Этот шок, судя по всему, был намеренно заложен в «настройки» фильма, поскольку эротическая составляющая картины, помимо решения собственно художественных задач, выполняла еще одну функцию – отвлекающую. Главная идеологическая диверсия была в другом. В точном, моментально опознаваемом (авто)портрете массового советского человека: как он есть, в естественных условиях обитания, с естественным же набором реакций на эти условия. Коллективном портрете латентных строителей коммунизма, при создании которого авторы фильма тщательно избегали «милых» позднесоветских штампов с деревенскими чудаками[236] и симпатичными тонко чувствующими аутсайдерами (в миру – ироничными слесарями с глубоким внутренним миром)[237]. И портрет этот был настолько (само)убийственным, что требовал скрытой подачи. Эротика в «Маленькой Вере» не привлекала внимания к «точечному» месседжу, а заслоняла собой месседж системный: она была растворена в экранной повседневности как острая приправа, заставляющая зрителя без особого сопротивления и шока проглотить основное блюдо. Поскольку это была не просто любовь среди развалин. Это была любовь среди развалин той вселенной, которую советские люди строили на протяжении семидесяти лет.
Строители руин
Если попытаться все происходящее в мире, который показан на экране Василием Пичулом, представить себе как некий единый системный процесс, то обозначить этот процесс можно одним коротким словосочетанием: самовоспроизводство руин. У персонажей фильма есть некая понятная и привычная им жизнь, они простраивают планы на будущее, они где-то кем-то работают и учатся – или готовятся учиться и работать. Но что бы они ни строили, они строят руины, столь же непригодные для жизни, как и тот выморочный мир, в котором они обитают прямо здесь и сейчас. Им скучно, или страшно, или больно: и вместе они держатся не потому, что им есть что делать вместе, а просто потому, что им скучно, страшно и больно. Об этом же, собственно, и сюжетообразующая история двух протагонистов: яркого мальчика из среды мелкой – областного розлива – номенклатуры и драйвовой девочки из пролетарской пятиэтажки. История про двух покалеченных людей как потенциальных создателей очередной социальной ячейки.
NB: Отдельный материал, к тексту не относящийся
(* Let $E_5=(0,I_5,M_5,N_5)$ be an equilibrium of system (S) with $B=0$, $I_5>0$, $M_5\ge 0$, $N_5\ge 0$ (so that necessarily $I_5=b/(m+\mu)$). Then $E_5$ is locally asymptotically stable provided the following three conditions hold: $$\frac{b}{I_5}<\gamma I_5+m+\lambda N_5,$$ $$2n+\frac{3p(M_5+N_5)}{hI_5}+\beta I_5+\delta N_5>r+\delta M_5,$$ $$\Big(r-n-\frac{p(2M_5+N_5)}{hI_5}-\beta I_5-\delta N_5\Big)\Big(\delta M_5-n-\frac{p(M_5+2N_5)}{hI_5}\Big)+\Big(\beta I_5-\frac{pN_5}{hI_5}+\delta N_5\Big)\Big(\frac{pM_5}{hI_5}+\delta M_5-r\Big)>0.$$
   Context: All parameters $b,\lambda,\gamma,m,\mu,r,n,p,h,\beta,\delta,e$ are positive constants. Here $B,I$ denote healthy and infected bees and $M,N$ healthy and infected mites. The model (S) is $$B'=\frac{bB}{B+I}-\lambda BN-\gamma BI-mB,\qquad I'=\frac{bI}{B+I}+\lambda BN+\gamma BI-(m+\mu)I,$$ $$M'=r(M+N)-nM-\frac{p}{h(B+I)}M(M+N)-M(\beta I+\delta N+eB),$$ $$N'=-nN-\frac{p}{h(B+I)}N(M+N)+\beta MI+\delta MN-eNB,$$ considered on the domain $\mathcal{D}^0=\{(B,I,M,N)\in\mathbb{R}^4_+ : B+I\neq 0\}$, where $\mathbb{R}_+=[0,\infty)$. *)

From Stdlib Require Import Reals Lra.
Open Scope R_scope.

Definition fB (b lam gam m mu r n p h beta delta e : R) (B I M N : R) : R :=
  b * B / (B + I) - lam * B * N - gam * B * I - m * B.
Definition fI (b lam gam m mu r n p h beta delta e : R) (B I M N : R) : R :=
  b * I / (B + I) + lam * B * N + gam * B * I - (m + mu) * I.
Definition fM (b lam gam m mu r n p h beta delta e : R) (B I M N : R) : R :=
  r * (M + N) - n * M - p / (h * (B + I)) * M * (M + N)
  - M * (beta * I + delta * N + e * B).
Definition fN (b lam gam m mu r n p h beta delta e : R) (B I M N : R) : R :=
  - n * N - p / (h * (B + I)) * N * (M + N) + beta * M * I + delta * M * N
  - e * N * B.

Definition inD0 (B I M N : R) : Prop :=
  0 <= B /\ 0 <= I /\ 0 <= M /\ 0 <= N /\ B + I <> 0.

(* distance in R^4 (l1 norm; all norms on R^4 are equivalent) *)
Definition dist4 (B I M N B0 I0 M0 N0 : R) : R :=
  Rabs (B - B0) + Rabs (I - I0) + Rabs (M - M0) + Rabs (N - N0).

Definition is_solution (b lam gam m mu r n p h beta delta e : R)
    (B I M N : R -> R) : Prop :=
  (forall t, 0 <= t -> inD0 (B t) (I t) (M t) (N t)) /\
  (forall t, 0 < t ->
     derivable_pt_lim B t (fB b lam gam m mu r n p h beta delta e (B t) (I t) (M t) (N t)) /\
     derivable_pt_lim I t (fI b lam gam m mu r n p h beta delta e (B t) (I t) (M t) (N t)) /\
     derivable_pt_lim M t (fM b lam gam m mu r n p h beta delta e (B t) (I t) (M t) (N t)) /\
     derivable_pt_lim N t (fN b lam gam m mu r n p h beta delta e (B t) (I t) (M t) (N t))) /\
  (forall eps, 0 < eps -> exists dlt, 0 < dlt /\
     forall t, 0 <= t < dlt ->
       dist4 (B t) (I t) (M t) (N t) (B 0) (I 0) (M 0) (N 0) < eps).

Definition is_equilibrium (b lam gam m mu r n p h beta delta e : R)
    (B0 I0 M0 N0 : R) : Prop :=
  fB b lam gam m mu r n p h beta delta e B0 I0 M0 N0 = 0 /\
  fI b lam gam m mu r n p h beta delta e B0 I0 M0 N0 = 0 /\
  fM b lam gam m mu r n p h beta delta e B0 I0 M0 N0 = 0 /\
  fN b lam gam m mu r n p h beta delta e B0 I0 M0 N0 = 0.

Definition loc_asympt_stable (b lam gam m mu r n p h beta delta e : R)
    (B0 I0 M0 N0 : R) : Prop :=
  (forall eps, 0 < eps -> exists dlt, 0 < dlt /\
     forall B I M N : R -> R,
       is_solution b lam gam m mu r n p h beta delta e B I M N ->
       dist4 (B 0) (I 0) (M 0) (N 0) B0 I0 M0 N0 < dlt ->
       forall t, 0 <= t -> dist4 (B t) (I t) (M t) (N t) B0 I0 M0 N0 < eps) /\
  (exists dlt, 0 < dlt /\
     forall B I M N : R -> R,
       is_solution b lam gam m mu r n p h beta delta e B I M N ->
       dist4 (B 0) (I 0) (M 0) (N 0) B0 I0 M0 N0 < dlt ->
       forall eps, 0 < eps -> exists T, 0 <= T /\
         forall t, T <= t -> dist4 (B t) (I t) (M t) (N t) B0 I0 M0 N0 < eps).

From Stdlib Require Import Reals Lra Classical.
Open Scope R_scope.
За пять лет до Василия Пичула в «Полетах во сне и наяву» Роман Балаян уже создал очень злой и точный портрет советского человека. Но то был портрет сугубо локальный, привязанный к конкретному поколению и конкретной социальной страте: портрет интеллигента-шестидесятника, получившего в первой половине 1960-х техническое или естественно-научное образование, а к концу следующего десятилетия, к собственным сорока годам, потерявшего смысл того, что происходит как вокруг, так и внутри него. У Пичула же выведен позднесоветский человек en masse, с этакой постнеореалистической установкой на снятие эстетической дистанции.
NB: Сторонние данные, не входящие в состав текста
Definition int3 (a b : R) (g : R -> R -> R -> R) : R :=
  RInt (fun x => RInt (fun y => RInt (fun z => g x y z) (-1) 1) 0 (2 * PI / b)) 0 (2 * PI / a).

Definition energy (a b A : R) (u v w h k l : field4) (t : R) : R :=
  / 2 * (int3 a b (fun x y z => u x y z t ^ 2 + v x y z t ^ 2 + w x y z t ^ 2)
         + A * int3 a b (fun x y z => h x y z t ^ 2 + k x y z t ^ 2 + l x y z t ^ 2)).

Definition is_perturbation (fl : basic_flow) (a b Ha Pm Re : R)
    (u v w h k l p : field4) : Prop :=
  let Rm := Pm * Re in
  let A := Ha ^ 2 * Pm in
  let U := Ubase fl Ha in let B := Bbase fl Ha in
  let U' := dU fl Ha in let B' := dB fl Ha in
  (C2_4 u /\ C2_4 v /\ C2_4 w /\ C2_4 h /\ C2_4 k /\ C2_4 l /\ C2_4 p) /\
  (periodic4 a b u /\ periodic4 a b v /\ periodic4 a b w /\ periodic4 a b h /\
   periodic4 a b k /\ periodic4 a b l /\ periodic4 a b p) /\
  (* rigid, non-conducting boundary conditions *)
  (forall x y t, 0 <= t -> forall z, (z = 1 \/ z = -1) ->
     u x y z t = 0 /\ v x y z t = 0 /\ w x y z t = 0 /\
     h x y z t = 0 /\ k x y z t = 0 /\ l x y z t = 0) /\
  (forall x y z t, -1 <= z <= 1 -> 0 <= t ->
    let adv (q : field4 * field4 * field4) (g : field4) :=
      (let '(q1, q2, q3) := q in
       q1 x y z t * dx g x y z t + q2 x y z t * dy g x y z t + q3 x y z t * dz g x y z t) in
    let uu := (u, v, w) in let hh := (h, k, l) in
    dt u x y z t + U z * dx u x y z t + w x y z t * U' z + adv uu u
      = A * (B z * dx h x y z t + dz h x y z t / Rm + l x y z t * B' z + adv hh h)
        - dx p x y z t + lap u x y z t / Re /\
    dt v x y z t + U z * dx v x y z t + adv uu v
      = A * (B z * dx k x y z t + dz k x y z t / Rm + adv hh k)
        - dy p x y z t + lap v x y z t / Re /\
    dt w x y z t + U z * dx w x y z t + adv uu w
      = A * (B z * dx l x y z t + dz l x y z t / Rm + adv hh l)
        - dz p x y z t + lap w x y z t / Re /\
    dt h x y z t + w x y z t * B' z + U z * dx h x y z t + adv uu h
      - B z * dx u x y z t - dz u x y z t / Rm - l x y z t * U' z - adv hh u
      = lap h x y z t / Rm /\
    dt k x y z t + U z * dx k x y z t + adv uu k
      - B z * dx v x y z t - dz v x y z t / Rm - adv hh v
      = lap k x y z t / Rm /\
    dt l x y z t + U z * dx l x y z t + adv uu l
      - B z * dx w x y z t - dz w x y z t / Rm - adv hh w
      = lap l x y z t / Rm /\
    dx u x y z t + dy v x y z t + dz w x y z t = 0 /\
    dx h x y z t + dy k x y z t + dz l x y z t = 0).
Поэтому фильм подчеркнуто неполиткорректен и подчеркнуто жестко работает с цитатами из кинематографа, привычного для тогдашнего отечественного зрителя. Именно с такой цитаты Пичул и начинает свою ленту, «подложив» под титры лобовую отсылку к одной из самых популярных картин конца брежневской эпохи, к «Вам и не снилось». Этот фильм, снятый Ильей Фрэзом за восемь лет до «Маленькой Веры», в самом конце брежневской эпохи, представлял собой вдохновенный гимн семидесятнической грезе о маленькой приватной идиллии и весь был построен на эскапистском мифе о всепобеждающей любви малых мира сего, на сюжете о современных Дафнисе и Хлое[238], где есть место испытаниям и смерти, но есть и обещание невиданного счастья вдвоем, которое позволит юным героям отрясти от ног прах убогой и бескрылой повседневности.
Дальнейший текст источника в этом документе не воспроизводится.